1. For all authors...

(a) Do the main claims made in the abstract and introduction accurately reﬂect the paper s contributions and scope? [Yes] (b) Did you describe the limitations of your work? [Yes] We discuss the limitations of our proposed method in Section 5. (c) Did you discuss any potential negative societal impacts of your work? [Yes] Our work has to do with adversarial examples but our work focuses on improving defenses against adversarial attacks and not creating better attacks. Thus, our work has a positive societal impact since it makes machine learning models more reliable. (d) Have you read the ethics review guidelines and ensured that your paper conforms to them? [Yes] 2. If you are including theoretical results...

(a) Did you state the full set of assumptions of all theoretical results? [N/A] This paper presents an empirical method to validate the results of a robustness evaluation method.

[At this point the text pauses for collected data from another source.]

Lemma cvg_at_right0_of_dist_le (R : realType) (V : normedModType R)
    (f : R -> V) (l : V) (C : R) :
  (\forall lam \near 0^'+, `|l - f lam| <= lam * C) -> f @ 0^'+ --> l.
Proof.
move=> f_near; apply/cvgrPdist_lt => eps eps_gt0.
have C1_gt0 : 0 < `|C| + 1 by rewrite ltr_pwDr ?normr_ge0.
near=> lam; apply: le_lt_trans (near f_near lam _) _ => //.
have lam_gt0 : 0 < lam by near: lam; exact: nbhs_right_gt.
have : lam < eps / (`|C| + 1) by near: lam; exact: nbhs_right_lt (divr_gt0 _ _).
rewrite ltr_pdivlMr // => lam_lt.
have : lam * C <= lam * `|C| by rewrite ler_pM2l // ler_norm.
nra.
Unshelve. all: by end_near.
Qed.

Section Problem.
Variables (R : realType) (m n d : nat) (Rad : R).
Variables (x : 'M[R]_(m, n)) (G : 'rV[R]_d -> 'M[R]_(m, n)).

Lemma box_compact : compact (box Rad : set 'rV[R]_d).
Proof.
have -> : box Rad = [set v : 'rV[R]_d | forall i, `[- Rad, Rad]%classic (v ord0 i)].
  by apply/seteqP; split => v /= v_box i; have := v_box i; rewrite /= in_itv /= ler_norml.
apply: (@rV_compact _ _ (fun=> `[- Rad, Rad]%classic)) => i; exact: segment_compact.
Qed.

Lemma obj_entrywise lam z M : obj x G lam z M =
  \sum_(p : 'I_m * 'I_n) entry_cost lam (M p.1 p.2) ((x - G z) p.1 p.2).
Proof.
rewrite /obj /l2sq /l1 !pair_bigA /= mulr_sumr -big_split /=.
by apply: eq_bigr => p _; rewrite /entry_cost /hadamard /ones !mxE; ring.
Qed.

Lemma optimal_entry_argmin lam z M : optimal Rad x G lam z M ->
  forall p t, entry_cost lam (M p.1 p.2) ((x - G z) p.1 p.2) <=
              entry_cost lam t ((x - G z) p.1 p.2).
Proof.
move=> [z_box opt] p t.
pose M' := \matrix_(i, j) if (i, j) == p then t else M i j.
have := opt z M' z_box; rewrite !obj_entrywise (bigD1 p) // [leRHS](bigD1 p) //=.
rewrite /M' mxE -surjective_pairing eqxx.
under [X in _ <= _ + X]eq_bigr => q /negPf q_neq do rewrite mxE -surjective_pairing q_neq.
by rewrite lerD2r.
Qed.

Therefore, there are no theoretical results in the paper. (b) Did you include complete proofs of all theoretical results? [N/A] See the response above. 3. If you ran experiments...

(a) Did you include the code, data, and instructions needed to reproduce the main experimental results (either in the supplemental material or as a URL)? [Yes] We included the implementation of our proposed test as well as the code to reproduce the results for the defenses investigated in this work. (b) Did you specify all the training details (e.g., data splits, hyperparameters, how they were chosen)? [Yes] A detailed overview of the experimental details including the hyperparameters used is given in Section B (c) Did you report error bars (e.g., with respect to the random seed after running experiments multiple times)? [No] We follow standard practice when reporting results regarding the adversarial robustness of neural networks, i.e., we run the evaluation on a sufﬁciently large sample size such that the overall result does not vary substantially across runs. (d) Did you include the total amount of compute and the type of resources used (e.g., type of GPUs, internal cluster, or cloud provider)? [Yes] A description of the used hardware and total amount of compute is presented in section B. 4. If you are using existing assets (e.g., code, data, models) or curating/releasing new assets...

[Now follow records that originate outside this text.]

(* Let $f,G,h$, $\bar g(x)=\|G(x)G(x)^\intercal\|_\infty$, $\Omega$, its triangulation $\mathcal{T}=\{\sigma_i\}_{i=1}^{m_{\mathcal{T}}}$, and the constants $\beta_i,\tilde\beta_i,\bar\beta_i,c_{i,j}$ be as in the context. Let $\underline{\mathbf{y}}=[\mathbf{V},\mathbf{L},b_1,\gamma]$, with $\mathbf{V}=\{V_x\}_{x\in\mathbb{E}_{\mathcal{T}}}$, $\mathbf{L}=\{l_i\}\subset\mathbb{R}^n$, be a feasible point of system (F): $\gamma>0$; $V_x\ge0$ for all $x\in\mathbb{E}_{\mathcal{T}}$; $|\nabla V_i|\le l_i$ componentwise for all $i$; $H_{i,j}\le -b_1$ for all $i$ and all $j\in\mathbb{Z}_0^n$ with $x_{i,j}\ne0$, where $H_{i,j}=f(x_{i,j})^\intercal\nabla V_i+\tfrac12\|h(x_{i,j})\|_2^2+(1_n^\intercal l_i\beta_i+\tfrac12\tilde\beta_i)c_{i,j}+\tfrac{1}{2\gamma}(\bar g(x_{i,j})+\bar\beta_ic_{i,j})(1_n^\intercal l_i)^2$. Let $J$ be a cost function and consider the problem of minimizing $J(\underline{\mathbf{y}}+\delta\mathbf{y})$ over $\delta\mathbf{y}=[\delta\mathbf{V},\delta\mathbf{L},\delta b_1,\delta\gamma]$ subject to: $\gamma+\delta\gamma>0$; $V_x+\delta V_x\ge0$ for all $x\in\mathbb{E}_{\mathcal{T}}$; $|\nabla V_i+\delta\nabla V_i|\le l_i+\delta l_i$ componentwise for all $i$, where $\delta\nabla V_i=X_i^{-1}\delta\bar V_i$; and $P_{i,j}\preceq0$ for all $i$ and all $j$ with $x_{i,j}\ne0$, where $$P_{i,j}=\begin{bmatrix}\phi_{i,j}+b_1+\delta b_1 & \sqrt{e_{i,j}}\,1_n^\intercal(l_i+\delta l_i)\\ \sqrt{e_{i,j}}\,1_n^\intercal(l_i+\delta l_i) & -(\gamma+\delta\gamma)\end{bmatrix},$$ $\phi_{i,j}=f(x_{i,j})^\intercal(\nabla V_i+\delta\nabla V_i)+1_n^\intercal(l_i+\delta l_i)\beta_ic_{i,j}+\tfrac12h(x_{i,j})^\intercal h(x_{i,j})+\tfrac12\tilde\beta_ic_{i,j}$ and $e_{i,j}=\tfrac12\big(\bar g(x_{i,j})+\bar\beta_ic_{i,j}\big)$. Then for every $\delta\mathbf{y}$ feasible for this problem, $\underline{\mathbf{y}}+\delta\mathbf{y}$ is a feasible point of (F); and if $\delta\mathbf{y}^\ast$ is an optimal solution, then $J(\underline{\mathbf{y}}+\delta\mathbf{y}^\ast)\le J(\underline{\mathbf{y}})$.
   Context: Setting: $f:\mathcal{X}\to\mathbb{R}^n$, $G:\mathcal{X}\to\mathbb{R}^{n\times m}$, $h:\mathcal{X}\to\mathbb{R}^q$, $\Omega\subseteq\mathcal{X}$ a compact set with connected interior containing $0$ and equal to the closure of its interior, $\mathcal{T}$ a triangulation of $\Omega$ (finite collection of $n$-simplexes $\sigma_i=\mathrm{co}(\{x_{i,j}\}_{j=0}^n)$ covering $\Omega$, pairwise meeting in common faces or not at all; vertex set $\mathbb{E}_{\mathcal{T}}$; $x_{i,0}=0$ when $0\in\sigma_i$), with $f,G,h$ continuous and $\mathcal{C}^2$ on each simplex. Constants: $\beta_i$, $\tilde\beta_i$, $\bar\beta_i$ are upper bounds over $\sigma_i$ of the absolute values of all second partial derivatives of the components of $f$, of $h^\intercal h$, and of $\bar g$, respectively; $c_{i,j}=\tfrac n2\|x_{i,j}-x_{i,0}\|_2(\max_{k\in\mathbb{Z}_1^n}\|x_{i,k}-x_{i,0}\|_2+\|x_{i,j}-x_{i,0}\|_2)$. $X_i$ is the matrix with rows $(x_{i,j}-x_{i,0})^\intercal$, $\bar V_i$ (resp. $\delta\bar V_i$) the vector with entries $V_{x_{i,j}}-V_{x_{i,0}}$ (resp. $\delta V_{x_{i,j}}-\delta V_{x_{i,0}}$), and $\nabla V_i=X_i^{-1}\bar V_i$. $\|\cdot\|_\infty$ on matrices is the induced norm, $1_n$ the all-ones vector, $|v|$ componentwise absolute value, $\preceq0$ negative semidefinite. *)

From HB Require Import structures.
From mathcomp Require Import all_boot all_order all_algebra.
From mathcomp Require Import all_classical all_reals all_analysis.
Set Implicit Arguments. Unset Strict Implicit. Unset Printing Implicit Defensive.
Import Order.TTheory GRing.Theory Num.Theory.
Import numFieldNormedType.Exports.
Local Open Scope ring_scope.

Section Defs.
Variable R : realType.

Definition norm2 (n : nat) (v : 'cV[R]_n) : R := Num.sqrt (\sum_(k < n) v k 0 ^+ 2).

Definition mxnorm_inf (p q : nat) (A : 'M[R]_(p, q)) : R :=
  \big[Num.max/0]_(r < p) \sum_(c < q) `|A r c|.

Definition abs_le (n : nat) (u w : 'cV[R]_n) : Prop := forall k, `|u k 0| <= w k 0.

Definition nsd (p : nat) (A : 'M[R]_p) : Prop :=
  forall v : 'cV[R]_p, (v^T *m A *m v) 0 0 <= 0.

Definition in_simplex (n : nat) (x : 'I_n.+1 -> 'cV[R]_n) (y : 'cV[R]_n) : Prop :=
  exists w : 'I_n.+1 -> R, (forall j, 0 <= w j) /\ \sum_j w j = 1 /\
    y = \sum_j w j *: x j.

Definition sum1 (n : nat) (v : 'cV[R]_n) : R := \sum_(k < n) v k 0.

Definition Xmat (n : nat) (x : 'I_n.+1 -> 'cV[R]_n) : 'M[R]_n :=
  \matrix_(k < n, c < n) (x (lift ord0 k) c 0 - x ord0 c 0).

Definition Vbar (n : nat) (x : 'I_n.+1 -> 'cV[R]_n) (V : 'cV[R]_n -> R) : 'cV[R]_n :=
  \col_(k < n) (V (x (lift ord0 k)) - V (x ord0)).

Definition gradV (n : nat) (x : 'I_n.+1 -> 'cV[R]_n) (V : 'cV[R]_n -> R) : 'cV[R]_n :=
  invmx (Xmat x) *m Vbar x V.

Definition cconst (n : nat) (x : 'I_n.+1 -> 'cV[R]_n) (j : 'I_n.+1) : R :=
  (n%:R / 2) * norm2 (x j - x ord0) *
  (\big[Num.max/0]_(k < n) norm2 (x (lift ord0 k) - x ord0) + norm2 (x j - x ord0)).

Definition gbar (n p : nat) (G : 'cV[R]_n -> 'M[R]_(n, p)) (y : 'cV[R]_n) : R :=
  mxnorm_inf (G y *m (G y)^T).

Definition d2 (n : nat) (phi : 'cV[R]_n -> R) (k l : 'I_n) (y : 'cV[R]_n) : R :=
  'D_(delta_mx k 0 : 'cV[R]_n) (fun z => 'D_(delta_mx l 0 : 'cV[R]_n) phi z) y.

Definition bounds_d2 (n : nat) (x : 'I_n.+1 -> 'cV[R]_n) (phi : 'cV[R]_n -> R) (beta : R) : Prop :=
  forall y, in_simplex x y -> forall k l, `|d2 phi k l y| <= beta.

Definition decvar (n m : nat) : Type :=
  (('cV[R]_n -> R) * ('I_m -> 'cV[R]_n) * R * R)%type.

Definition dv_add (n m : nat) (y d : decvar n m) : decvar n m :=
  let: (V, L, b, g) := y in let: (dV, dL, db, dg) := d in
  (fun z => V z + dV z, fun i => L i + dL i, b + db, g + dg).

Section Problem.
Variables (n m p q : nat).
Variables (f : 'cV[R]_n -> 'cV[R]_n) (G : 'cV[R]_n -> 'M[R]_(n, p))
          (h : 'cV[R]_n -> 'cV[R]_q).
Variable (x : 'I_m -> 'I_n.+1 -> 'cV[R]_n).
Variables (beta betat betab : 'I_m -> R).

Definition Hij (V : 'cV[R]_n -> R) (l : 'cV[R]_n) (gam : R) (i : 'I_m) (j : 'I_n.+1) : R :=
  let xij := x i j in let c := cconst (x i) j in
  ((f xij)^T *m gradV (x i) V) 0 0 + (norm2 (h xij)) ^+ 2 / 2
  + (sum1 l * beta i + betat i / 2) * c
  + (gbar G xij + betab i * c) * (sum1 l) ^+ 2 / (2 * gam).

(* feasibility for system (F); E_T = {x_{i,j}} *)
Definition feasibleF (y : decvar n m) : Prop :=
  let: (V, L, b1, gam) := y in
  [/\ 0 < gam,
      forall i j, 0 <= V (x i j),
      forall i, abs_le (gradV (x i) V) (L i) &
      forall i j, x i j != 0 -> Hij V (L i) gam i j <= - b1].

Definition Pij (y d : decvar n m) (i : 'I_m) (j : 'I_n.+1) : 'M[R]_2 :=
  let: (V, L, b1, gam) := y in let: (dV, dL, db, dg) := d in
  let xij := x i j in let c := cconst (x i) j in
  let phi := ((f xij)^T *m (gradV (x i) V + gradV (x i) dV)) 0 0
             + sum1 (L i + dL i) * beta i * c
             + ((h xij)^T *m h xij) 0 0 / 2 + betat i * c / 2 in
  let e := (gbar G xij + betab i * c) / 2 in
  let off := Num.sqrt e * sum1 (L i + dL i) in
  \matrix_(a < 2, b < 2)
    (if (a == 0 :> nat) && (b == 0 :> nat) then phi + b1 + db
     else if (a == 1 :> nat) && (b == 1 :> nat) then - (gam + dg)
     else off).

Definition feasibleP (y d : decvar n m) : Prop :=
  let: (V, L, b1, gam) := y in let: (dV, dL, db, dg) := d in
  [/\ 0 < gam + dg,
      forall i j, 0 <= V (x i j) + dV (x i j),
      forall i, abs_le (gradV (x i) V + gradV (x i) dV) (L i + dL i) &
      forall i j, x i j != 0 -> nsd (Pij y d i j)].

Definition optimalP (J : decvar n m -> R) (y d : decvar n m) : Prop :=
  feasibleP y d /\ forall d', feasibleP y d' -> J (dv_add y d) <= J (dv_add y d').

End Problem.
End Defs.

(* The LMI [P_ij ⪯ 0] is a Schur complement: since its lower-right entry
   [-(γ + δγ)] is negative, [P_ij ⪯ 0] holds iff
   [φ_ij + b1 + δb1 + e_ij (1ᵀ(l_i + δl_i))² / (γ + δγ) <= 0], and because
   [∇V_i] is linear in [V] this is exactly the constraint [H_ij <= -b1] of (F)
   at the updated point; here [√e_ij² = e_ij] needs [e_ij >= 0], which is the
   only use of the second-derivative bounds ([β̄_i >= 0]).  The remaining
   constraints of (F) are copied verbatim, so every feasible [δy] yields a
   feasible [y + δy]; conversely [δy = 0] is feasible when [y] is, whence an
   optimal [δy*] does no worse than [0]. *)
From HB Require Import structures.
From mathcomp Require Import all_boot all_order all_algebra.
From mathcomp Require Import all_classical all_reals all_analysis.
From mathcomp Require Import ring lra.
Import Order.TTheory GRing.Theory Num.Theory.
Import numFieldNormedType.Exports.
Local Open Scope ring_scope.

Section Preliminaries.
Context {R : realType}.

Definition sym2 (a o g : R) : 'M[R]_2 :=
  \matrix_(i < 2, j < 2)
    (if (i == 0 :> nat) && (j == 0 :> nat) then a
     else if (i == 1 :> nat) && (j == 1 :> nat) then - g
     else o).

Lemma sym2_formE (a o g : R) (v : 'cV[R]_2) :
  (v^T *m sym2 a o g *m v) 0 0 = a * v 0 0 ^+ 2 + 2 * o * v 0 0 * v 1 0 - g * v 1 0 ^+ 2.
Proof.
rewrite !mxE !big_ord_recr !big_ord0 /= !mxE !big_ord_recr !big_ord0 /= !mxE /=.
have -> : v (widen_ord (leqnSn 1) ord_max) 0 = v 0 0 by congr (v _ _); apply/val_inj.
have -> : v ord_max 0 = v 1 0 by congr (v _ _); apply/val_inj.
ring.
Qed.

Lemma nsd_sym2P {a o g : R} : 0 < g -> nsd (sym2 a o g) <-> a * g + o ^+ 2 <= 0.
Proof.
move=> g_gt0; split=> [nsdA | schur v].
  have := nsdA (\col_i (if i == 0 :> nat then g else o)).
  rewrite sym2_formE !mxE /=.
  have -> : a * g ^+ 2 + 2 * o * g * o - g * o ^+ 2 = g * (a * g + o ^+ 2) by ring.
  by rewrite pmulr_rle0.
rewrite sym2_formE -(pmulr_rle0 _ g_gt0).
set u := v 0 0; set w := v 1 0.
have -> : g * (a * u ^+ 2 + 2 * o * u * w - g * w ^+ 2)
          = (a * g + o ^+ 2) * u ^+ 2 - (o * u - g * w) ^+ 2 by ring.
have := sqr_ge0 (o * u - g * w); have := sqr_ge0 u; nra.
Qed.

Lemma schur_le0 (a o g : R) : 0 < g -> (a * g + o ^+ 2 <= 0) = (a + o ^+ 2 / g <= 0).
Proof.
by move=> g_gt0; rewrite -(pmulr_lle0 (a + _) g_gt0) mulrDl mulfVK ?gt_eqF.
Qed.

Lemma sqr_norm2 {k} (v : 'cV[R]_k) : norm2 v ^+ 2 = (v^T *m v) 0 0.
Proof.
rewrite /norm2 sqr_sqrtr; last by apply: sumr_ge0 => i _; apply: sqr_ge0.
by rewrite mxE; apply: eq_bigr => i _; rewrite mxE expr2.
Qed.

Lemma norm2_ge0 {k} (v : 'cV[R]_k) : 0 <= norm2 v.
Proof. exact: sqrtr_ge0. Qed.

Lemma bigmax_ge0 {k} (F : 'I_k -> R) :
  (forall i, 0 <= F i) -> 0 <= \big[Num.max/0]_(i < k) F i.
Proof.
by move=> F_ge0; apply: (big_ind (fun t => 0 <= t)) => // a b a_ge0 _; rewrite le_max a_ge0.
Qed.

Lemma gbar_ge0 {n p} (G : 'cV[R]_n -> 'M[R]_(n, p)) z : 0 <= gbar G z.
Proof. by apply: bigmax_ge0 => r; apply: sumr_ge0 => c _; apply: normr_ge0. Qed.

Lemma cconst_ge0 {n} (x : 'I_n.+1 -> 'cV[R]_n) j : 0 <= cconst x j.
Proof.
apply: mulr_ge0; first by apply: mulr_ge0; [rewrite divr_ge0 ?ler0n | apply: norm2_ge0].
by apply: addr_ge0; [apply: bigmax_ge0 => k |]; apply: norm2_ge0.
Qed.

Lemma gradVD {n} (x : 'I_n.+1 -> 'cV[R]_n) (V W : 'cV[R]_n -> R) :
  gradV x (fun z => V z + W z) = gradV x V + gradV x W.
Proof.
by rewrite /gradV -mulmxDr; congr (_ *m _); apply/matrixP => k c; rewrite !mxE opprD addrACA.
Qed.

Lemma in_simplex_vertex {n} (x : 'I_n.+1 -> 'cV[R]_n) j : in_simplex x (x j).
Proof.
exists (fun k => (k == j)%:R); split; first by move=> k; apply: ler0n.
split.
  by rewrite (bigD1 j) //= eqxx big1 ?addr0 // => k /negbTE ->.
by rewrite (bigD1 j) //= eqxx scale1r big1 ?addr0 // => k /negbTE ->; rewrite scale0r.
Qed.

(* For [n = 0] the bound [b] is unconstrained, but then [cconst x j = 0]. *)
Lemma bounds_d2_cconst_ge0 {n} {x : 'I_n.+1 -> 'cV[R]_n} {phi b} j :
  bounds_d2 x phi b -> 0 <= b * cconst x j.
Proof.
case: n x phi j => [|n] x phi j bound_b; first by rewrite /cconst !mul0r mulr0.
apply: mulr_ge0; last exact: cconst_ge0.
apply: le_trans (normr_ge0 _) _.
exact: bound_b _ (in_simplex_vertex x ord0) ord0 ord0.
Qed.

Definition dv0 n m : decvar R n m := (fun _ => 0, fun _ => 0, 0, 0).

Lemma dv_addr0 {n m} (y : decvar R n m) : dv_add y (dv0 n m) = y.
Proof.
case: y => [[[V L] b1] gam] /=.
by rewrite !addr0; congr (_, _, _, _); apply: funext => z; rewrite addr0.
Qed.

End Preliminaries.

Section Problem.
Context {R : realType} {n m p q : nat}.
Context {f : 'cV[R]_n -> 'cV[R]_n} {G : 'cV[R]_n -> 'M[R]_(n, p)}
        {h : 'cV[R]_n -> 'cV[R]_q} {x : 'I_m -> 'I_n.+1 -> 'cV[R]_n}
        {beta betat betab : 'I_m -> R}.
Hypothesis betab_bound : forall i, bounds_d2 (x i) (gbar G) (betab i).

Local Notation H := (Hij f G h x beta betat betab).
Local Notation P := (Pij f G h x beta betat betab).
Local Notation feasF := (feasibleF f G h x beta betat betab).
Local Notation feasP := (feasibleP f G h x beta betat betab).

Lemma Pij_nsdE {V L b1 gam dV dL db dg i j} : 0 < gam + dg ->
  nsd (P (V, L, b1, gam) (dV, dL, db, dg) i j) <->
  H (fun z => V z + dV z) (L i + dL i) (gam + dg) i j <= - (b1 + db).
Proof.
move=> g_gt0; apply: iff_trans (nsd_sym2P g_gt0) _.
have e_ge0 : 0 <= (gbar G (x i j) + betab i * cconst (x i) j) / 2.
  apply: divr_ge0 => //; apply: addr_ge0 (gbar_ge0 G _) _.
  exact: bounds_d2_cconst_ge0 j (betab_bound i).
rewrite schur_le0 // -(subr_le0 _ (H _ _ _ _ _)) opprK exprMn sqr_sqrtr //.
suff -> : H (fun z => V z + dV z) (L i + dL i) (gam + dg) i j + (b1 + db) =
  ((f (x i j))^T *m (gradV (x i) V + gradV (x i) dV)) 0 0
  + sum1 (L i + dL i) * beta i * cconst (x i) j
  + ((h (x i j))^T *m h (x i j)) 0 0 / 2 + betat i * cconst (x i) j / 2 + b1 + db
  + (gbar G (x i j) + betab i * cconst (x i) j) / 2 * sum1 (L i + dL i) ^+ 2 / (gam + dg) by [].
by rewrite /Hij gradVD sqr_norm2; field; rewrite gt_eqF.
Qed.

Lemma feasibleP_dv_add y d : feasP y d -> feasF (dv_add y d).
Proof.
case: y d => [[[V L] b1] gam] [[[dV dL] db] dg] [g_gt0 V_ge0 grad_le P_nsd].
split=> // [i|i j /P_nsd]; first by rewrite gradVD.
by move/(Pij_nsdE g_gt0).
Qed.

Lemma feasibleP_dv0 y : feasF y -> feasP y (dv0 n m).
Proof.
case: y => [[[V L] b1] gam] [g_gt0 V_ge0 grad_le H_le].
have addV0 : (fun z => V z + 0) = V by apply: funext => z; rewrite addr0.
have g0_gt0 : 0 < gam + 0 by rewrite addr0.
split=> // [i j|i|i j /H_le H_le_b1]; rewrite ?addr0 //.
  by rewrite -gradVD addV0.
by apply/(Pij_nsdE g0_gt0); rewrite addV0 !addr0.
Qed.

End Problem.

Theorem theorem4 (R : realType) (n m p q : nat)
  (f : 'cV[R]_n -> 'cV[R]_n) (G : 'cV[R]_n -> 'M[R]_(n, p)) (h : 'cV[R]_n -> 'cV[R]_q)
  (x : 'I_m -> 'I_n.+1 -> 'cV[R]_n)
  (beta betat betab : 'I_m -> R)
  (J : decvar R n m -> R) (y : decvar R n m) :
  continuous f -> continuous G -> continuous h ->
  (forall i, Xmat (x i) \in unitmx) ->
  (forall i, in_simplex (x i) 0 -> x i ord0 = 0) ->
  (forall i r, bounds_d2 (x i) (fun z => f z r 0) (beta i)) ->
  (forall i, bounds_d2 (x i) (fun z => ((h z)^T *m h z) 0 0) (betat i)) ->
  (forall i, bounds_d2 (x i) (gbar G) (betab i)) ->
  feasibleF f G h x beta betat betab y ->
  (forall d, feasibleP f G h x beta betat betab y d ->
     feasibleF f G h x beta betat betab (dv_add y d)) /\
  (forall dstar, optimalP f G h x beta betat betab J y dstar ->
     J (dv_add y dstar) <= J y).
Proof.
move=> _ _ _ _ _ _ _ betab_bound feasible_y; split=> [d|dstar [_ dstar_opt]].
  exact: feasibleP_dv_add betab_bound y d.
rewrite -[in J y](dv_addr0 y); apply: (dstar_opt (dv0 n m)).
exact: feasibleP_dv0 betab_bound y feasible_y.
Qed.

(a) If your work uses existing assets, did you cite the creators? [Yes] Since our study investigates thirteen published defenses against adversarial attacks, we used the respective open-source reference implementation for our experiments. We cited all authors and included their original licenses in our source code. We also cited the authors of the dataset used to evaluate the defenses on. (b) Did you mention the license of the assets? [Yes] We include the license of the defenses code in the submitted code. (c) Did you include any new assets either in the supplemental material or as a URL? [Yes]

We include the code for our test as well as the modiﬁcations done to the defenses reference implementations to run the test in the supplemental material. (d) Did you discuss whether and how consent was obtained from people whose data you re using/curating? [Yes] In this work we are only using data that was explicitly made available for research and cited the authors. No further data was used, curated or collected. (e) Did you discuss whether the data you are using/curating contains personally identiﬁable information or offensive content? [N/A] Since the dataset used in this work is a standard dataset (CIFAR-10) we do not discuss the aforementioned issues. However, due to its low image resolution, the dataset is unlikely to contain problematic content. 5. If you used crowdsourcing or conducted research with human subjects...

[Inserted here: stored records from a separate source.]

(* An elementary cube is a product of d elementary intervals; the i-th factor
   (l, b) stands for [l, l+1] if b = true and for [l] = [l, l] if b = false. *)
Definition cube (d : nat) := {ffun 'I_d -> int * bool}.

Definition cube_set (R : realType) (d : nat) (Q : cube d) : set ('I_d -> R) :=
  [set x | forall i : 'I_d,
     ((Q i).1)%:~R <= x i <= ((Q i).1 + ((Q i).2 : nat)%:Z)%:~R].

Definition cdim (d : nat) (Q : cube d) : nat := #|[pred i : 'I_d | (Q i).2]|.

Definition shift (d : nat) (x : 'I_d -> int) (Q : cube d) : cube d :=
  [ffun i => ((Q i).1 + x i, (Q i).2)].

(* the two faces of Q obtained by degenerating its (nondegenerate) i-th factor
   [l, l+1] into [l + e], e = 0 or 1 *)
Definition face (d : nat) (Q : cube d) (i : 'I_d) (e : int) : cube d :=
  [ffun j => if j == i then ((Q i).1 + e, false) else Q j].

Definition csign (d : nat) (Q : cube d) (i : 'I_d) : int :=
  (-1) ^+ #|[pred j : 'I_d | (j < i)%N && (Q j).2]|.

(* incidence number [Q : P] of the standard cubical boundary operator:
   d Q = sum_{i nondegenerate} csign Q i * (face Q i 1 - face Q i 0) *)
Definition inc (d : nat) (Q P : cube d) : int :=
  \sum_(i : 'I_d | (Q i).2)
     csign Q i * ((P == face Q i 1)%:Z - (P == face Q i 0)%:Z).

(* the cubes Q having P as a facet, i.e. the only Q with inc Q P possibly
   nonzero: P with a degenerate factor [l] replaced by [l,l+1] or [l-1,l] *)
Definition coface_up (d : nat) (P : cube d) (i : 'I_d) : cube d :=
  [ffun j => if j == i then ((P i).1, true) else P j].
Definition coface_down (d : nat) (P : cube d) (i : 'I_d) : cube d :=
  [ffun j => if j == i then ((P i).1 - 1, true) else P j].
Definition cofaces (d : nat) (P : cube d) : seq (cube d) :=
  [seq coface_up P i | i <- enum 'I_d & ~~ (P i).2] ++
  [seq coface_down P i | i <- enum 'I_d & ~~ (P i).2].

Definition chain (d : nat) := cube d -> int.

(a) Did you include the full text of instructions given to participants and screenshots, if applicable? [N/A] We did not conduct any research with human participants. (b) Did you describe any potential participant risks, with links to Institutional Review Board (IRB) approvals, if applicable? [N/A] We did not conduct any research with human participants. (c) Did you include the estimated hourly wage paid to participants and the total amount spent on participant compensation? [N/A] We did not conduct any research with human participants.